**TASK PROMPT**
When you find the line that contains "unfold y. destruct", restate it and all lines after it exactly, stopping at the end of the material.

═════ INFORMATION ═════

(* Let $V=\{n\in\mathbb{Z} : n\geq 2,\ 5\nmid n\}$ and let $\Gamma_5$ be the directed graph with vertex set $V$ whose edges are the up-edges $(n,(n+5)^2)$ for $n\in V$ and the down-edges $(n^2,n)$ for $n\in V$. Then $\Gamma_5$ is connected: for any $x,y\in V$ there is a directed path in $\Gamma_5$ from $x$ to $y$.
   Context: A directed path from $x$ to $y$ is a finite sequence of vertices $x=v_0,v_1,\dots,v_m=y$ such that each $(v_{j-1},v_j)$ is an edge of $\Gamma_5$. *)

From Stdlib Require Import ZArith List.
Open Scope Z_scope.

Definition inV (n : Z) : Prop := 2 <= n /\ ~ (5 | n)%Z.

Definition edge5 (a b : Z) : Prop :=
  (inV a /\ b = (a + 5) ^ 2) \/ (inV b /\ a = b ^ 2).

(* A directed path x = v_0, v_1, ..., v_m = y, given as the list [v_1; ...; v_m]
   of vertices after the start x. *)
Fixpoint is_path (x : Z) (l : list Z) (y : Z) : Prop :=
  match l with
  | nil => x = y
  | v :: l' => edge5 x v /\ is_path v l' y
  end.

(* Going up and then down moves a vertex n to n + 5, so inside a residue class
   mod 5 every vertex reaches every larger one.  Squares of units mod 5 are
   1 or 4 and fourth powers are 1.  Hence two up-edges take any vertex into the
   class of 1, where j + 5 climbs to j^2 and comes down to j, so everything
   descends to 6.  Conversely 6 climbs to y^2 (through 16 and 4 when
   y^2 = 4 mod 5) and comes down to y. *)

From Stdlib Require Import ZArith List Lia.
Open Scope Z_scope.

Definition reach (x y : Z) : Prop := exists l, is_path x l y.

Lemma is_path_cat l1 l2 x y z :
  is_path x l1 y -> is_path y l2 z -> is_path x (l1 ++ l2) z.
Proof.
  revert x; induction l1 as [|v l1 IH]; simpl; intros x Hxy Hyz.
  - now subst.
  - destruct Hxy as [Hxv Hvy]. split; [exact Hxv | exact (IH v Hvy Hyz)].
Qed.

Lemma reach_refl x : reach x x.
Proof. now exists nil. Qed.

Lemma reach_trans x y z : reach x y -> reach y z -> reach x z.
Proof. intros [l1 H1] [l2 H2]. exists (l1 ++ l2). exact (is_path_cat _ _ _ _ _ H1 H2). Qed.

Lemma reach_up n : inV n -> reach n ((n + 5) ^ 2).
Proof. intros Hn. exists ((n + 5) ^ 2 :: nil). simpl. split; [left; auto | reflexivity]. Qed.

Lemma reach_down n : inV n -> reach (n ^ 2) n.
Proof. intros Hn. exists (n :: nil). simpl. split; [right; auto | reflexivity]. Qed.

Lemma inV_iff n : inV n <-> 2 <= n /\ n mod 5 <> 0.
Proof.
  unfold inV. rewrite <- (Z.mod_divide n 5) by lia. reflexivity.
Qed.

Lemma mod5_add_mul5 a k : (a + 5 * k) mod 5 = a mod 5.
Proof. rewrite Z.mul_comm. apply Z_mod_plus_full. Qed.

Lemma mod5_add5 a : (a + 5) mod 5 = a mod 5.
Proof. exact (mod5_add_mul5 a 1). Qed.

Lemma mod5_eq_add_mul5 n m :
  n <= m -> m mod 5 = n mod 5 -> exists k, 0 <= k /\ m = n + 5 * k.
Proof.
  intros Hle Hmod. exists ((m - n) / 5).
  assert (Hdiv : (m - n) mod 5 = 0) by (rewrite Zminus_mod, Hmod, Z.sub_diag; reflexivity).
  pose proof (Z.div_mod (m - n) 5 ltac:(lia)).
  split; [apply Z.div_pos |]; lia.
Qed.

Lemma sq_mod5 z : z mod 5 <> 0 -> z ^ 2 mod 5 = 1 \/ z ^ 2 mod 5 = 4.
Proof.
  intros Hz. rewrite <- Z.mod_pow_l.
  pose proof (Z.mod_pos_bound z 5 ltac:(lia)).
  assert (Hr : z mod 5 = 1 \/ z mod 5 = 2 \/ z mod 5 = 3 \/ z mod 5 = 4) by lia.
  destruct Hr as [-> | [-> | [-> | ->]]]; auto.
Qed.

Lemma fourth_pow_mod5 z : z mod 5 <> 0 -> (z ^ 2) ^ 2 mod 5 = 1.
Proof.
  intros Hz. rewrite <- Z.mod_pow_l.
  destruct (sq_mod5 z Hz) as [-> | ->]; reflexivity.
Qed.

Lemma inV_add_mul5 n k : inV n -> 0 <= k -> inV (n + 5 * k).
Proof.
  rewrite !inV_iff, mod5_add_mul5. intros [Hn Hmod] Hk. split; [lia | exact Hmod].
Qed.

Lemma reach_add5 n : inV n -> reach n (n + 5).
Proof.
  intros Hn. apply (reach_trans _ _ _ (reach_up n Hn)), reach_down.
  exact (inV_add_mul5 n 1 Hn ltac:(lia)).
Qed.

Lemma reach_add_mul5 n k : inV n -> 0 <= k -> reach n (n + 5 * k).
Proof.
  intros Hn. revert k; apply natlike_ind.
  - rewrite Z.add_0_r. apply reach_refl.
  - intros k Hk IH. replace (n + 5 * Z.succ k) with (n + 5 * k + 5) by ring.
    exact (reach_trans _ _ _ IH (reach_add5 _ (inV_add_mul5 n k Hn Hk))).
Qed.

Lemma reach_mod5_le n m : inV n -> n <= m -> m mod 5 = n mod 5 -> reach n m.
Proof.
  intros Hn Hle Hmod. destruct (mod5_eq_add_mul5 n m Hle Hmod) as [k [Hk ->]].
  exact (reach_add_mul5 n k Hn Hk).
Qed.

Lemma reach_six_of_mod1 m : 6 <= m -> m mod 5 = 1 -> reach m 6.
Proof.
  intros Hm Hmod. destruct (mod5_eq_add_mul5 6 m Hm Hmod) as [k [Hk ->]].
  clear Hm Hmod. revert k Hk; apply natlike_ind.
  - rewrite Z.add_0_r. apply reach_refl.
  - intros k Hk IH. set (j := 6 + 5 * k) in IH.
    assert (Hj : inV j).
    { apply inV_add_mul5; [apply inV_iff; split; [lia | discriminate] | exact Hk]. }
    replace (6 + 5 * Z.succ k) with (j + 5) by (unfold j; ring).
    apply (reach_trans _ (j ^ 2)); [| exact (reach_trans _ _ _ (reach_down j Hj) IH)].
    apply reach_mod5_le.
    + exact (inV_add_mul5 j 1 Hj ltac:(lia)).
    + unfold j. nia.
    + replace (j ^ 2) with (1 + 5 * (7 + 12 * k + 5 * k ^ 2)) by (unfold j; ring).
      replace (j + 5) with (1 + 5 * (2 + k)) by (unfold j; ring).
      rewrite !mod5_add_mul5. reflexivity.
Qed.

Lemma reach_six x : inV x -> reach x 6.
Proof.
  intros Hx. set (y := (x + 5) ^ 2).
  pose proof Hx as [Hx2 Hx5]%inV_iff.
  assert (Hx5' : (x + 5) mod 5 <> 0) by (rewrite mod5_add5; exact Hx5).
  assert (Hy : inV y).
  { apply inV_iff. split; [unfold y; nia |].
    unfold y. destruct (sq_mod5 (x + 5) Hx5') as [-> | ->]; discriminate. }
  apply (reach_trans _ _ _ (reach_up x Hx)).
  apply (reach_trans _ _ _ (reach_up y Hy)).
  apply reach_six_of_mod1; [unfold y; nia |].
  rewrite <- Z.mod_pow_l, mod5_add5, Z.mod_pow_l.
  exact (fourth_pow_mod5 _ Hx5').
Qed.

Lemma reach_six_four : reach 6 4.
Proof.
  apply (reach_trans _ (4 ^ 2)).
  - apply reach_mod5_le; [apply inV_iff; split; [lia | discriminate] | lia | reflexivity].
  - apply reach_down, inV_iff. split; [lia | discriminate].
Qed.

Lemma reach_six_sq y : inV y -> reach 6 (y ^ 2).
Proof.
  intros Hy. pose proof Hy as [Hy2 Hy5]%inV_iff.
  destruct (sq_mod5 y Hy5) as [Hsq | Hsq].
  - apply reach_mod5_le; [apply inV_iff; split; [lia | discriminate] | | exact Hsq].
    assert (y <> 2) by (intros ->; discriminate). nia.
  - apply (reach_trans _ _ _ reach_six_four).
    apply reach_mod5_le; [apply inV_iff; split; [lia | discriminate] | nia | exact Hsq].
Qed.

Theorem theorem5 :
  forall x y : Z, inV x -> inV y -> exists l : list Z, is_path x l y.
Proof.
  intros x y Hx Hy.
  apply (reach_trans x 6 y (reach_six x Hx)).
  exact (reach_trans _ _ _ (reach_six_sq y Hy) (reach_down y Hy)).
Qed.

═════

**RESULT OF THE EXERCISE**
    unfold y. destruct (sq_mod5 (x + 5) Hx5') as [-> | ->]; discriminate. }
  apply (reach_trans _ _ _ (reach_up x Hx)).
  apply (reach_trans _ _ _ (reach_up y Hy)).
  apply reach_six_of_mod1; [unfold y; nia |].
  rewrite <- Z.mod_pow_l, mod5_add5, Z.mod_pow_l.
  exact (fourth_pow_mod5 _ Hx5').
Qed.

Lemma reach_six_four : reach 6 4.
Proof.
  apply (reach_trans _ (4 ^ 2)).
  - apply reach_mod5_le; [apply inV_iff; split; [lia | discriminate] | lia | reflexivity].
  - apply reach_down, inV_iff. split; [lia | discriminate].
Qed.

Lemma reach_six_sq y : inV y -> reach 6 (y ^ 2).
Proof.
  intros Hy. pose proof Hy as [Hy2 Hy5]%inV_iff.
  destruct (sq_mod5 y Hy5) as [Hsq | Hsq].
  - apply reach_mod5_le; [apply inV_iff; split; [lia | discriminate] | | exact Hsq].
    assert (y <> 2) by (intros ->; discriminate). nia.
  - apply (reach_trans _ _ _ reach_six_four).
    apply reach_mod5_le; [apply inV_iff; split; [lia | discriminate] | nia | exact Hsq].
Qed.

Theorem theorem5 :
  forall x y : Z, inV x -> inV y -> exists l : list Z, is_path x l y.
Proof.
  intros x y Hx Hy.
  apply (reach_trans x 6 y (reach_six x Hx)).
  exact (reach_trans _ _ _ (reach_six_sq y Hy) (reach_down y Hy)).
Qed.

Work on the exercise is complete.